Prompt
Scan the entries below for "have" and copy each line that holds it.

Data in this exercise
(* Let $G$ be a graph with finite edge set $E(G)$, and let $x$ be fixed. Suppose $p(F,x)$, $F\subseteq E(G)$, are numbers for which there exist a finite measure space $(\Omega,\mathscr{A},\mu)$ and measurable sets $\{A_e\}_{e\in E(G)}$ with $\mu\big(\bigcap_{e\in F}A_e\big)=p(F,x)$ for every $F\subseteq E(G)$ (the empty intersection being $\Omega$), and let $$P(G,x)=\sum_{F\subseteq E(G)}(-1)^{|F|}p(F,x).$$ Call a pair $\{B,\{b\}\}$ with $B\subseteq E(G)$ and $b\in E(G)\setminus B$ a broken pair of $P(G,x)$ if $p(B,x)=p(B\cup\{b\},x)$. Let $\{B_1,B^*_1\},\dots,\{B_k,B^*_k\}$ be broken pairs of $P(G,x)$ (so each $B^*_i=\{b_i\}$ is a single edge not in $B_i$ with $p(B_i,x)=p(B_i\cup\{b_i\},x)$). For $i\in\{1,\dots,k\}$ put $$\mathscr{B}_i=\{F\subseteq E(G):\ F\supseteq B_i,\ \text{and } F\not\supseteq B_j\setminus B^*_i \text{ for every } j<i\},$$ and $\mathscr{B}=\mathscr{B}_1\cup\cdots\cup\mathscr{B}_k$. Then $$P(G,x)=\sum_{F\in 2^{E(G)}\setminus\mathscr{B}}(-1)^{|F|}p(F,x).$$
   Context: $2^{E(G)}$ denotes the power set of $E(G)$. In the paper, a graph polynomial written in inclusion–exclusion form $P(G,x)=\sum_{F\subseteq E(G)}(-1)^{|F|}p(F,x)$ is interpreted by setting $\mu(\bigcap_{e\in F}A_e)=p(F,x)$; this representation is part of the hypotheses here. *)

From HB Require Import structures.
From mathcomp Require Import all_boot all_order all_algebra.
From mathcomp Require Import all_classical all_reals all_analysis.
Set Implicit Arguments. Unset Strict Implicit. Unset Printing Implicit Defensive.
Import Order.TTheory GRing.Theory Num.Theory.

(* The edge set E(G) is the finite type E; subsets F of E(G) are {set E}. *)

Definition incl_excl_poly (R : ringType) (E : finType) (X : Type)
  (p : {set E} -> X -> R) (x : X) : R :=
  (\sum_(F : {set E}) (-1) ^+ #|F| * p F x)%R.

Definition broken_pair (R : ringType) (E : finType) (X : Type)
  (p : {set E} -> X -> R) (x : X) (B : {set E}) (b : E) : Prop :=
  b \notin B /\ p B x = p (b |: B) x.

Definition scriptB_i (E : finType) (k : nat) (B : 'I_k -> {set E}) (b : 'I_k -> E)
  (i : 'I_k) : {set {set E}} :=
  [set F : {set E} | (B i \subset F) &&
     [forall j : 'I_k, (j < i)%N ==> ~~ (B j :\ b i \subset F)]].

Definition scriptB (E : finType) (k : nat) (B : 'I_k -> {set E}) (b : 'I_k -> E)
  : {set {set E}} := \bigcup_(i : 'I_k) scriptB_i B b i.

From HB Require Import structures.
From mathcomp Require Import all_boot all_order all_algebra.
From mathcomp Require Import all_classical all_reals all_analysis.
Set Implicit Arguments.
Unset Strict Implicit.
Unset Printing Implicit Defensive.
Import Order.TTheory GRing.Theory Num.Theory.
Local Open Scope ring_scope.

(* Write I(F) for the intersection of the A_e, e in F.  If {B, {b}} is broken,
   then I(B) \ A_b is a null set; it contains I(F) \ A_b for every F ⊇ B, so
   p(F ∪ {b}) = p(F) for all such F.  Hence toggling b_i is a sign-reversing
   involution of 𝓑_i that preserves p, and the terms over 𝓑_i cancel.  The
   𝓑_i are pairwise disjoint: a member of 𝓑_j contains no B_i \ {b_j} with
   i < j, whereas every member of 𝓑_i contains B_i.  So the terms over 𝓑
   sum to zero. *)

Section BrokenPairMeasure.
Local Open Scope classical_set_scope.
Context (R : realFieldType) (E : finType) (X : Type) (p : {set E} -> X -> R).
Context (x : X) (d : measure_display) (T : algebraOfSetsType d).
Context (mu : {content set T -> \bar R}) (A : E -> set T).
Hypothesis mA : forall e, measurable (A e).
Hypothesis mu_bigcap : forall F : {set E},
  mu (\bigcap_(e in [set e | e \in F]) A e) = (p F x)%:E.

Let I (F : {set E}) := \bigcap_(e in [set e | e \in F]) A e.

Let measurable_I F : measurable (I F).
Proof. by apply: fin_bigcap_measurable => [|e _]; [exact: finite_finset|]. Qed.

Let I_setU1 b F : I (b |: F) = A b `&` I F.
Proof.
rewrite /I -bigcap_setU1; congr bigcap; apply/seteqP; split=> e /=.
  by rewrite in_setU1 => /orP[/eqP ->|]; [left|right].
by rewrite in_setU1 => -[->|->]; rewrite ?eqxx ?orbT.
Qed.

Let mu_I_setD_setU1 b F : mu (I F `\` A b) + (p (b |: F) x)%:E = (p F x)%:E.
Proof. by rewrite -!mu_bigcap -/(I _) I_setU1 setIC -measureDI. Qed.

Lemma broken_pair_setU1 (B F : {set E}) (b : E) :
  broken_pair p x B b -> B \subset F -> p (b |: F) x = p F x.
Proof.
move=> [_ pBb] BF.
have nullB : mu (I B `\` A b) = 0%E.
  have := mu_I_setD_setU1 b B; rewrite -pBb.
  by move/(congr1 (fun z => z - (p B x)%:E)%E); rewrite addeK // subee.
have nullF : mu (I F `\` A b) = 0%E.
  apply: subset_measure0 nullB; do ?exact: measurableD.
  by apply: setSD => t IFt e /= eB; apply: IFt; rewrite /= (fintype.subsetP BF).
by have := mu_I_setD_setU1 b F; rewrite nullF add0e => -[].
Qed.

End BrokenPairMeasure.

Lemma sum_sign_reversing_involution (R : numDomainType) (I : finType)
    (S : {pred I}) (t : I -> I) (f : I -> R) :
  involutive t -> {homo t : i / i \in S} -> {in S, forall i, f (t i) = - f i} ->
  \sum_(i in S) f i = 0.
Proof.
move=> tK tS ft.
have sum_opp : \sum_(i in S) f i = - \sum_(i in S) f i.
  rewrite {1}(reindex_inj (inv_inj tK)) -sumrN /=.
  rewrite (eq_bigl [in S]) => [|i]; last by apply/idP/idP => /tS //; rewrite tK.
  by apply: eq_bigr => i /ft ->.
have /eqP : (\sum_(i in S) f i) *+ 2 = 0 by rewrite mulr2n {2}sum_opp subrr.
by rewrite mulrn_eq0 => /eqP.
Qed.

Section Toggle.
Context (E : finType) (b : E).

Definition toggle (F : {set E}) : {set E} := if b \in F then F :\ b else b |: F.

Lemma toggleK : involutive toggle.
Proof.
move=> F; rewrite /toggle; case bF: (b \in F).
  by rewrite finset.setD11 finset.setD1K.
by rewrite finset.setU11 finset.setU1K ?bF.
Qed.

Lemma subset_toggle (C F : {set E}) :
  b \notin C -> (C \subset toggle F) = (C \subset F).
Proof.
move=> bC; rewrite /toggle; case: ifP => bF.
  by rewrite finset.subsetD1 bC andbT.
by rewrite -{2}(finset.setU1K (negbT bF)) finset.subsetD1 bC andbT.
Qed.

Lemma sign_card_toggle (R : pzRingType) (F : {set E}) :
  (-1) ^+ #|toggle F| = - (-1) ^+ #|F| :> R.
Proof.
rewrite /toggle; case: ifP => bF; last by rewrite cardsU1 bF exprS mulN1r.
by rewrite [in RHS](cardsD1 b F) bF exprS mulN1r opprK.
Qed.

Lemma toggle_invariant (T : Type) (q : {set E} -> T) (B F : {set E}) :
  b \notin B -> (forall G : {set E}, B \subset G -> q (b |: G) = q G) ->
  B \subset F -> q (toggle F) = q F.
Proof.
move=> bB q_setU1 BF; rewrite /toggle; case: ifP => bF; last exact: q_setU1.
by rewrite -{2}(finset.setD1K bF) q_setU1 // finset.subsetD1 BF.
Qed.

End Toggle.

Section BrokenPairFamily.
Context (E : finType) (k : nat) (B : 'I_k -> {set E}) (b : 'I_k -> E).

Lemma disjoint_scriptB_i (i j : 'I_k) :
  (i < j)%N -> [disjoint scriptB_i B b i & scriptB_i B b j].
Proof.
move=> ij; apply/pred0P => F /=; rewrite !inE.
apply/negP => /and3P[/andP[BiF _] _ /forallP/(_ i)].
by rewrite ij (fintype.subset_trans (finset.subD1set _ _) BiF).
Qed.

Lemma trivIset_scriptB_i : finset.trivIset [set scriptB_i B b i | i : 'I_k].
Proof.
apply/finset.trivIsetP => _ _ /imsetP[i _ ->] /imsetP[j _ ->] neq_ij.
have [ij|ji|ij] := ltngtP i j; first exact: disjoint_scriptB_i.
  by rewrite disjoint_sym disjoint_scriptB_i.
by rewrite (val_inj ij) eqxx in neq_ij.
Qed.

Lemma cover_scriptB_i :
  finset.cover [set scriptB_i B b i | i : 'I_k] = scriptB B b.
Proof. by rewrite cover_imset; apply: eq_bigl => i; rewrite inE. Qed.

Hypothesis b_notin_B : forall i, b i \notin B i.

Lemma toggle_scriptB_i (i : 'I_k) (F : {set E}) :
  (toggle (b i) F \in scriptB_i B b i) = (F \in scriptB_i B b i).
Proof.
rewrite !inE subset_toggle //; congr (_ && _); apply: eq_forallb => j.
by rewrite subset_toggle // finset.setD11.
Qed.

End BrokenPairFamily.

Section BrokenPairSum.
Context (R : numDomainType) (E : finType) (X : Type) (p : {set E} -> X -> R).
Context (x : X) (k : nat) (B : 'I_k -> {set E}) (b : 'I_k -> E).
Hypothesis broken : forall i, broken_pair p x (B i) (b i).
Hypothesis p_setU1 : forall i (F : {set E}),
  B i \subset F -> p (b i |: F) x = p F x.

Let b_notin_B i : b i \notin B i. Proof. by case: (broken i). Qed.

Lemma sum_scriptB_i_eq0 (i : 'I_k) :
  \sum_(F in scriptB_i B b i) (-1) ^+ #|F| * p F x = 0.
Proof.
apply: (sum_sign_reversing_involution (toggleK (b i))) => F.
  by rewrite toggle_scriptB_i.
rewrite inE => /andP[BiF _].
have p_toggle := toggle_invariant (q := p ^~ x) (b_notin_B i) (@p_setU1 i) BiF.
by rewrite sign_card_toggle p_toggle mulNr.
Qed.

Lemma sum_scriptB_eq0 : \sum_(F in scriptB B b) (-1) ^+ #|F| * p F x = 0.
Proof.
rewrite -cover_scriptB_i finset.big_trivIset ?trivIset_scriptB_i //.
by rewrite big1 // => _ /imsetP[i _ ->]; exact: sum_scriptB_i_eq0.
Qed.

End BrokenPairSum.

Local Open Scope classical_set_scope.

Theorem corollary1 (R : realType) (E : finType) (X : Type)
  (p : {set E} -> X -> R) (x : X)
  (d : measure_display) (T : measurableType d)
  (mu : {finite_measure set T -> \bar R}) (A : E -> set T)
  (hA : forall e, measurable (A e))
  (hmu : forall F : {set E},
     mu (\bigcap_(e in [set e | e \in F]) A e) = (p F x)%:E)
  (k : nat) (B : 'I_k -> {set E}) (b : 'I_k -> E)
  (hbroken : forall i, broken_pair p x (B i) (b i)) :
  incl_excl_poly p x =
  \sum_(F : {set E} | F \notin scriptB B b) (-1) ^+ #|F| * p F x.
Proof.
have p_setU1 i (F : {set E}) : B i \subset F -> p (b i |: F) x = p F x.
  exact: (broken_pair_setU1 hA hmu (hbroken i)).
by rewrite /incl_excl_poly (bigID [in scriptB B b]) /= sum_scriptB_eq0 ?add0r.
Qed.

Completed task
have nullB : mu (I B `\` A b) = 0%E.
  have := mu_I_setD_setU1 b B; rewrite -pBb.
have nullF : mu (I F `\` A b) = 0%E.
by have := mu_I_setD_setU1 b F; rewrite nullF add0e => -[].
have sum_opp : \sum_(i in S) f i = - \sum_(i in S) f i.
have /eqP : (\sum_(i in S) f i) *+ 2 = 0 by rewrite mulr2n {2}sum_opp subrr.
have [ij|ji|ij] := ltngtP i j; first exact: disjoint_scriptB_i.
have p_toggle := toggle_invariant (q := p ^~ x) (b_notin_B i) (@p_setU1 i) BiF.
have p_setU1 i (F : {set E}) : B i \subset F -> p (b i |: F) x = p F x.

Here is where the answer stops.